In denouncing Kautsky, the former communist leader who betrayed the cause of the working class by obediently lining up in the camp of bourgeois nationalism and imperialism, Lenin points out how imperialism, which represents reaction right down the line and the increased oppression of nations, provokes a reformist opposition to imperialism among certain strata of the petty bourgeoisie.
Fundamentally, the petty-bourgeois conception of imperialism amounts to considering imperialism as a system of oppression separate from capitalism, and consequently separate from the main characteristic of capitalism which is the irreconciliable opposition between two classes: the working class which produces all social wealth in exchange for a meager wage it must constantly fight to defend just in order to survive, and the bourgeoisie, which corners this wealth and, on that basis, controls society as a whole.

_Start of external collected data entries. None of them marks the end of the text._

Lemma cnt_eq_out X X' : (forall w, w != lo -> w != hi -> X' w = X w) ->
  (forall w, lo < w < hi -> ~~ X w) -> X lo != X hi -> X' lo != X' hi ->
  forall t, (t < lo) || (hi <= t) -> cnt K X' t = cnt K X t.
Proof.
move=> XX' Xmid Xlh X'lh.
have X'mid w : lo < w < hi -> ~~ X' w.
  move=> wm; have /andP[low whi] := wm.
  by rewrite XX' ?(Xmid w wm) ?(gtn_eqF low) ?(ltn_eqF whi).
move=> t /orP[tlo | hit]; last first.
  apply: cnt_eq_above => w tw; have hiw : hi < w := leq_ltn_trans hit tw.
  by rewrite XX' ?(gtn_eqF hiw) ?(gtn_eqF (ltn_trans lohi hiw)).
apply: (cnt_eq_below (t0 := lo.-1)); first by rewrite -ltnS prednK.
  by rewrite (cnt_one_end X'mid X'lh).1 (cnt_one_end Xmid Xlh).1 (cnt_hi_agree XX').
move=> w /andP[_ wlo]; have w_lo : w < lo by rewrite -(prednK lo0) ltnS.
by rewrite XX' ?ltn_eqF // (ltn_trans w_lo lohi).
Qed.

(* From now on C, D are the rows of a symbol on the Z' side, with lo and hi
   each in exactly one of them and nothing in between. *)
Variables C D : pred nat.
Hypothesis CD_mid : forall w, lo < w < hi -> ~~ C w && ~~ D w.
Hypothesis CD_lo : C lo != D lo.
Hypothesis CD_hi : C hi != D hi.

Lemma C_mid w : lo < w < hi -> ~~ C w.
Proof. by case/CD_mid/andP. Qed.

Lemma D_mid w : lo < w < hi -> ~~ D w.
Proof. by case/CD_mid/andP. Qed.

Lemma Bcount_swap A B : (forall w, lo <= w <= hi -> ~~ A w && ~~ B w) ->
  Bcount (cnt K A) (cnt K B) (cnt K C) (cnt K D) <->
  Bcount (cnt K A) (cnt K B) (cnt K (swap lo hi C D)) (cnt K (swap lo hi D C)).
Proof.
move=> AB_win.
have A_win w : lo <= w <= hi -> ~~ A w by case/AB_win/andP.
have B_win w : lo <= w <= hi -> ~~ B w by case/AB_win/andP.
have C'_mid := swap_mid D C_mid; have D'_mid := swap_mid C D_mid.
have [same | diff] := eqVneq (C lo) (C hi).
  (* lo and hi in the same row of Lambda': some row drops by two, both sides fail *)
  have [Dlo Dhi] : D lo = ~~ C lo /\ D hi = ~~ C lo.
    by move: CD_lo CD_hi; rewrite -same; case: (C lo) (D lo) (D hi) => [] [] [].
  split=> -[_ IAD ICB]; exfalso; case Clo: (C lo) in same Dlo Dhi.
  - exact: (two_ends_not_interlaced C_mid Clo (esym same) B_win).1 ICB.
  - exact: (two_ends_not_interlaced D_mid Dlo Dhi A_win).2 IAD.
  - have := two_ends_not_interlaced D'_mid (X := swap lo hi D C).
    by rewrite swap_lo swap_hi Clo -same => /(_ _ isT isT A_win) [_]; apply.
  - have := two_ends_not_interlaced C'_mid (X := swap lo hi C D).
    by rewrite swap_lo swap_hi Dlo Dhi => /(_ _ isT isT B_win) [+ _]; apply.
(* lo and hi in different rows: outside the window the counts do not change,
   inside they take the same two values *)
have Dlh : D lo != D hi.
  by move: CD_lo CD_hi diff; case: (C lo) (C hi) (D lo) (D hi) => [] [] [] [].
have C'lh : swap lo hi C D lo != swap lo hi C D hi by rewrite swap_lo swap_hi.
have D'lh : swap lo hi D C lo != swap lo hi D C hi by rewrite swap_lo swap_hi.
have C'_out := cnt_eq_out (swap_out C D) C_mid diff C'lh.
have D'_out := cnt_eq_out (swap_out D C) D_mid Dlh D'lh.
have [_ C_vals] := cnt_one_end C_mid diff; have [_ D_vals] := cnt_one_end D_mid Dlh.
have [_ C'_vals] := cnt_one_end C'_mid C'lh; have [_ D'_vals] := cnt_one_end D'_mid D'lh.
have lohi' : lo <= hi := ltnW lohi.
apply: Bcount_iff; rewrite ?C'_out ?D'_out ?lo0 //.
  exact: (rel_window_iff (fun a d => d <= a <= d.+1) lo0 lohi' (cnt_no_end A_win)
            D'_out D_vals D'_vals).
exact: (rel_window_iff (fun b c => b <= c <= b.+1) lo0 lohi' (cnt_no_end B_win)
          C'_out C_vals C'_vals).
Qed.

The golden rule of capitalism is the rule of profit. To continually increase their profits, the capitalists do everything in their power to speed-up production and decrease wages. It also means that each capitalist strives to concentrate production by buying increasingly efficient and powerful machines, which, by reducing the costs of production, allow him to get an edge over his capitalist competitors. In this race for maximum profits, the strongest capitalists win out, forming coalitions and financial groups controlling capital worth billions. This leads to the appearance of monopolies, the main form of modern capitalism ownership, and this is how the finance bourgeoisie becomes the dominant faction of the bourgeoisie. Controlling the capitalist State in the name of the entire bourgeoisie, the financial oligarchy establishes the worst political reaction, which, in times of crisis, can become open and bloody terror: fascism. Further, for the monopoly bourgeoisie, national borders are too constricting for its unlimited thirst for profits. Through the massive export of capital to other countries, interference and hegemonism, armed domination and brutal warfare, the imperialist bourgeoisie, linked to, and in competition with, the imperialist bourgeoisies of other countries is spreading its tentacles of domination around the world. Imperialism is not a new social regime, but rather the current dominant form of capitalism.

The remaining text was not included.